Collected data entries
- Opening Delimiter -
Lemma inF_eq0 (A : Z) : (inF A == 0) = (A mod P =? 0)%Z.
Proof. by apply/eqP/Z.eqb_spec => [/(congr1 zrep)|H]; [|apply: zrep_inj]; rewrite zrep_inF. Qed.

Lemma sum_Fp (G : nat -> R) :
  \big[Rplus/0%R]_(x : F) G (val x) = \big[Rplus/0%R]_(i < p) G i.
Proof.
have -> : \big[Rplus/0%R]_(x : F) G (val x)
        = \big[Rplus/0%R]_(i < (Zp_trunc (pdiv p)).+2) G i by [].
by rewrite (Fp_cast pr).
Qed.

Lemma sum_ecos_ndiv (K : Z) : ~ (P | K)%Z ->
  \big[Rplus/0%R]_(x : F) ecos P (K * zrep x) = 0%R.
Proof.
move=> HK; rewrite (sum_Fp (fun i => ecos P (K * Z.of_nat i))).
by have := sum_ecos_multiples P_pos HK; rewrite Nat2Z.id.
Qed.

Lemma ecos_div (K t : Z) : (P | K)%Z -> ecos P (K * t) = 1%R.
Proof.
move=> [z ->]; rewrite -(ecos0 P); apply: ecos_mod; first by have := P_pos; lia.
by rewrite Zmod_0_l (_ : (z * P * t = (z * t) * P)%Z) ?Z_mod_mult //; ring.
Qed.

Lemma sum_ecos_div (K : Z) : (P | K)%Z ->
  \big[Rplus/0%R]_(x : F) ecos P (K * zrep x) = IZR P.
Proof.
move=> HK; under eq_bigr => x _ do rewrite ecos_div //.
by rewrite big_Rconst cardT -cardE card_Fp // INR_IZR_INZ.
Qed.

Lemma sum_even_esin (w : F -> R) (k : Z) : (forall x, w (- x) = w x) ->
  \big[Rplus/0%R]_(x : F) (w x * esin P (k * zrep x))%R = 0%R.
Proof.
move=> Hw; set S := \big[Rplus/0%R]_(x : F) _.
suff : S = (- S)%R by lra.
rewrite {1}/S (reindex_inj oppr_inj) /= /S (big_morph Ropp Ropp_plus_distr Ropp_0).
apply: eq_bigr => x _; rewrite Hw Ropp_mult_distr_r -esin_opp; congr Rmult; apply: esin_mod.
  by have := P_pos; lia.
by rewrite Zmult_mod zrep_opp -Zmult_mod; congr Z.modulo; ring.
Qed.

(* Euler's criterion: x != 0 is a square iff x^((p-1)/2) = 1; with h = (p-1)/2. *)
Definition h := (p.-1)./2.
Hypothesis p4 : (p %% 4 = 1)%N.

Lemma h2 : (h * 2 = p.-1)%N.
Proof. rewrite /h; have := prime_gt1 pr; lia. Qed.
Lemma h_even : ~~ odd h.
Proof. rewrite /h; have := prime_gt1 pr; lia. Qed.
Lemma h_gt0 : (0 < h)%N.
Proof. rewrite /h; have := prime_gt1 pr; lia. Qed.

Lemma fermatF (x : F) : x != 0 -> x ^+ p.-1 = 1.
Proof.
move=> nz; apply: (mulfI nz); rewrite mulr1 -exprS prednK ?prime_gt0 //.
by rewrite -{2}(expf_card x) card_Fp.
Qed.

(* x^h is a square root of 1, hence 1 or -1 (and -1 != 1 as p > 2). *)
Lemma xh_pm1 (x : F) : x != 0 -> (x ^+ h == 1) || (x ^+ h == -1).
Proof. by move=> nz; rewrite -sqrf_eq1 -exprM h2 fermatF. Qed.

Lemma m1_neq1 : (-1 : F) != 1.
Proof.
apply/eqP => E; have : (2%:R : F) = 0 by rewrite -[2%N]/(1 + 1)%N natrD -{1}E addNr.
move/(congr1 (@nat_of_ord _)); rewrite /= (Fp_cast pr) !modn_small //;
  have := prime_gt1 pr; lia.
Qed.

(* The squares of 1, ..., h are pairwise distinct quadratic residues, hence all of them. *)
Lemma sqr_inj (i j : nat) : (0 < i <= h)%N -> (0 < j <= h)%N ->
  (i%:R : F) ^+ 2 = (j%:R) ^+ 2 -> i = j.
Proof.
move=> Hi Hj /eqP; rewrite -subr_eq0 subr_sqr mulf_eq0 => /orP [|].
  rewrite subr_eq0 => /eqP /(congr1 (@nat_of_ord _)); rewrite /= !(val_Fp_nat pr) !modn_small //.
  - by have := h2; lia.
  - by have := h2; lia.
rewrite -natrD => /eqP /(congr1 (@nat_of_ord _)); rewrite /= (val_Fp_nat pr) modn_small //.
  lia.
by have := h2; lia.
Qed.

Definition QR : {set F} := [set x : F | x ^+ h == 1].
Definition sqf (i : 'I_h) : F := (i.+1)%:R ^+ 2.

Lemma sqf_inj : injective sqf.
Proof.
move=> i j /sqr_inj H; apply: val_inj; apply: succn_inj; apply: H.
- by have := ltn_ord i; lia.
- by have := ltn_ord j; lia.
Qed.

Lemma sqf_QR : sqf @: setT \subset QR.
Proof.
apply/subsetP => x /imsetP [i _ ->]; rewrite inE /sqf -exprM mulnC h2 fermatF //.
apply/eqP => /(congr1 (@nat_of_ord _)); rewrite /= (val_Fp_nat pr) modn_small //.
have := ltn_ord i; have := h2; lia.
Qed.

Lemma card_QR : #|QR| = h.
Proof.
apply/eqP; rewrite eqn_leq; apply/andP; split.
  rewrite cardE; apply: max_unity_roots; first exact: h_gt0.
    by apply/allP => x; rewrite mem_enum inE unity_rootE.
  exact: enum_uniq.
have := subset_leq_card sqf_QR; rewrite card_imset; last exact: sqf_inj.
by rewrite cardsT card_ord.
Qed.

Lemma QR_sqf : QR = sqf @: setT.
Proof.
apply/eqP; rewrite eq_sym eqEcard sqf_QR card_QR card_imset; last exact: sqf_inj.
by rewrite cardsT card_ord andTb leqnn.
Qed.

Lemma QR_square (x : F) : x != 0 -> (x ^+ h == 1) = [exists t, t * t == x].
Proof.
move=> nz; apply/idP/existsP.
  move=> H; have : x \in QR by rewrite inE.
  by rewrite QR_sqf => /imsetP [i _ ->]; exists (i.+1)%:R; rewrite /sqf expr2.
move=> [t /eqP E]; rewrite -E -expr2 -exprM mulnC h2 fermatF //.
by apply: contra nz; rewrite -E => /eqP ->; rewrite mul0r.
Qed.
(* Let $L\in\mathcal{N}$ and assume that $L$ is a sublattice of a free lattice. Let $K$ be a convex sublattice of $L$, and let $a\in L$ satisfy $a\parallel b$ for all $b\in K$. Then $|\{a\vee b: b\in K\}|\ge 3$, or $|\{a\wedge b: b\in K\}|\ge 3$, or $K$ is a distributive lattice.
   Context: $\mathcal{N}$ denotes the variety of lattices generated by the pentagon $N_5$. A convex sublattice of $L$ is a sublattice $K$ of $L$ such that whenever $x,z\in K$, $y\in L$ and $x\le y\le z$, then $y\in K$. For elements $x,y$, $x\parallel y$ means neither $x\le y$ nor $y\le x$. *)

From HB Require Import structures.
From mathcomp Require Import all_boot all_order.
Set Implicit Arguments. Unset Strict Implicit. Unset Printing Implicit Defensive.
Import Order.TTheory.
Local Open Scope order_scope.

Inductive lterm (V : Type) : Type :=
  | LVar of V
  | LJoin of lterm V & lterm V
  | LMeet of lterm V & lterm V.
Arguments LVar {V}.
Arguments LJoin {V}.
Arguments LMeet {V}.

Fixpoint leval (V A : Type) (j m : A -> A -> A) (v : V -> A) (t : lterm V) : A :=
  match t with
  | LVar x => v x
  | LJoin s u => j (leval j m v s) (leval j m v u)
  | LMeet s u => m (leval j m v s) (leval j m v u)
  end.

Definition lat_eval (V : Type) d (M : latticeType d) (v : V -> M) (t : lterm V) : M :=
  leval (@Order.join d M) (@Order.meet d M) v t.

Inductive N5 : Type := N5bot | N5a | N5b | N5c | N5top.

Definition N5le (x y : N5) : bool :=
  match x, y with
  | N5bot, _ => true
  | _, N5top => true
  | N5a, N5a | N5b, N5b | N5c, N5c => true
  | N5a, N5c => true
  | _, _ => false
  end.

Definition N5join (x y : N5) : N5 :=
  if N5le x y then y else if N5le y x then x else N5top.
Definition N5meet (x y : N5) : N5 :=
  if N5le x y then x else if N5le y x then y else N5bot.

Definition N5_satisfies (s t : lterm nat) : Prop :=
  forall v : nat -> N5, leval N5join N5meet v s = leval N5join N5meet v t.

(* L belongs to the variety generated by N5: L satisfies every lattice
   identity satisfied by N5 (Birkhoff: HSP(N5) = Mod(Id(N5))). *)
Definition in_var_N5 d (L : latticeType d) : Prop :=
  forall s t : lterm nat, N5_satisfies s t ->
    forall v : nat -> L, lat_eval v s = lat_eval v t.

(* Order of the free lattice FL(X) on terms over X: s <= t in FL(X) iff
   the inequality holds in every lattice under every valuation. *)
Definition FL_le (X : Type) (s t : lterm X) : Prop :=
  forall d (M : latticeType d) (v : X -> M), lat_eval v s <= lat_eval v t.
Definition FL_eq (X : Type) (s t : lterm X) : Prop := FL_le s t /\ FL_le t s.

(* L is (isomorphic to) a sublattice of a free lattice FL(X): there is an
   injective lattice homomorphism from L to FL(X) (elements of FL(X) being
   terms modulo FL_eq). *)
Definition sublattice_of_free d (L : latticeType d) : Prop :=
  exists (X : Type) (f : L -> lterm X),
    [/\ forall x y, FL_eq (f (x `|` y)) (LJoin (f x) (f y)),
        forall x y, FL_eq (f (x `&` y)) (LMeet (f x) (f y)) &
        forall x y, FL_eq (f x) (f y) -> x = y].

Definition convex_sublattice d (L : latticeType d) (K : L -> Prop) : Prop :=
  [/\ forall x y, K x -> K y -> K (x `|` y),
      forall x y, K x -> K y -> K (x `&` y) &
      forall x y z, K x -> K z -> x <= y -> y <= z -> K y].

Definition distributive_sub d (L : latticeType d) (K : L -> Prop) : Prop :=
  forall x y z, K x -> K y -> K z -> x `&` (y `|` z) = (x `&` y) `|` (x `&` z).

Definition incomp d (L : latticeType d) (x y : L) : Prop := ~ (x <= y) /\ ~ (y <= x).

From HB Require Import structures.
From mathcomp Require Import all_boot all_order.
From Stdlib Require Import Classical.
Set Implicit Arguments. Unset Strict Implicit. Unset Printing Implicit Defensive.
Import Order.TTheory.
Local Open Scope order_scope.

(* Free lattices satisfy Whitman's condition (W), hence so does L; (W) in a
   free lattice is proved by doubling an interval in a product of
   counterexamples.  And L, lying in the variety of N5, satisfies
   every quasi-identity of N5 whose premises can be enforced by a substitution
   fixing the valuations that satisfy them, since it becomes an identity.

   Suppose x < z and y form a pentagon in K, with o = y /\ z and i = x \/ y.
   As a \/ - and a /\ - take at most two values on K, each b in K between o
   and i has a \/ b equal to a \/ o or to a \/ i, and a /\ b equal to a /\ o
   or to a /\ i.  Each combination of these alternatives for z, x and y is
   refuted by a quasi-identity of N5, in the last case combined with (W) and
   the incomparability of a with K.  So K has no pentagon, and then an
   identity of N5 failing in M3 makes K distributive. *)

Section IntervalDoubling.
Variables (d : Order.disp_t) (M : latticeType d) (A B : M).

(* Day's doubling of the interval [A, B]: the points of [A, B] get two copies
   (flags false and true), the other points above A only the copy with flag
   true, and all remaining points only the copy with flag false. *)
Definition doubled (p : M *p bool) : bool :=
  if p.2 then A <= p.1 else ~~ (A <= p.1) || (p.1 <= B).

Definition doubling := {p : M *p bool | doubled p}.
HB.instance Definition _ := [isSub for (@sval _ doubled : doubling -> _)].
HB.instance Definition _ := [Choice of doubling by <:].
Fact doubling_display : Order.disp_t. Proof. exact: Order.Disp tt tt. Qed.
HB.instance Definition _ :=
  [SubChoice_isSubPOrder of doubling by <: with doubling_display].

Lemma doubled_meet (p q : doubling) :
  doubled ((val p).1 `&` (val q).1, (val p).2 && (val q).2).
Proof.
have low u w : ~~ (A <= w) || (w <= B) -> ~~ (A <= u `&` w) || (u `&` w <= B).
  case/orP=> [nAw|wB]; apply/orP; [left|right]; last exact: leIxr.
  by apply: contra nAw => /le_trans; apply; apply: leIr.
case: p q => [[m e] Pm] [[n f] Pn]; rewrite /doubled /= in Pm Pn *.
case: e Pm; case: f Pn => /= Pn Pm; first by rewrite lexI Pm Pn.
- exact: low.
- by rewrite meetC; apply: low.
- exact: low.
Qed.

Definition doubling_meet (p q : doubling) : doubling := Sub _ (doubled_meet p q).

(* Unlike meets, joins are not computed in [M *p bool]: the flag must be
   raised when the join lands above A but outside [A, B]. *)
Definition join_flag (p q : doubling) : bool :=
  let m := (val p).1 `|` (val q).1 in [|| (val p).2, (val q).2 | (A <= m) && ~~ (m <= B)].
- Closing Delimiter -
About this task: Could you reproduce, exactly, every line above from the line with "identity of N5 failing" to the line with "Definition join_flag (p", and no other line? Both ends count.

Response below:
   identity of N5 failing in M3 makes K distributive. *)

Section IntervalDoubling.
Variables (d : Order.disp_t) (M : latticeType d) (A B : M).

(* Day's doubling of the interval [A, B]: the points of [A, B] get two copies
   (flags false and true), the other points above A only the copy with flag
   true, and all remaining points only the copy with flag false. *)
Definition doubled (p : M *p bool) : bool :=
  if p.2 then A <= p.1 else ~~ (A <= p.1) || (p.1 <= B).

Definition doubling := {p : M *p bool | doubled p}.
HB.instance Definition _ := [isSub for (@sval _ doubled : doubling -> _)].
HB.instance Definition _ := [Choice of doubling by <:].
Fact doubling_display : Order.disp_t. Proof. exact: Order.Disp tt tt. Qed.
HB.instance Definition _ :=
  [SubChoice_isSubPOrder of doubling by <: with doubling_display].

Lemma doubled_meet (p q : doubling) :
  doubled ((val p).1 `&` (val q).1, (val p).2 && (val q).2).
Proof.
have low u w : ~~ (A <= w) || (w <= B) -> ~~ (A <= u `&` w) || (u `&` w <= B).
  case/orP=> [nAw|wB]; apply/orP; [left|right]; last exact: leIxr.
  by apply: contra nAw => /le_trans; apply; apply: leIr.
case: p q => [[m e] Pm] [[n f] Pn]; rewrite /doubled /= in Pm Pn *.
case: e Pm; case: f Pn => /= Pn Pm; first by rewrite lexI Pm Pn.
- exact: low.
- by rewrite meetC; apply: low.
- exact: low.
Qed.

Definition doubling_meet (p q : doubling) : doubling := Sub _ (doubled_meet p q).

(* Unlike meets, joins are not computed in [M *p bool]: the flag must be
   raised when the join lands above A but outside [A, B]. *)
Definition join_flag (p q : doubling) : bool :=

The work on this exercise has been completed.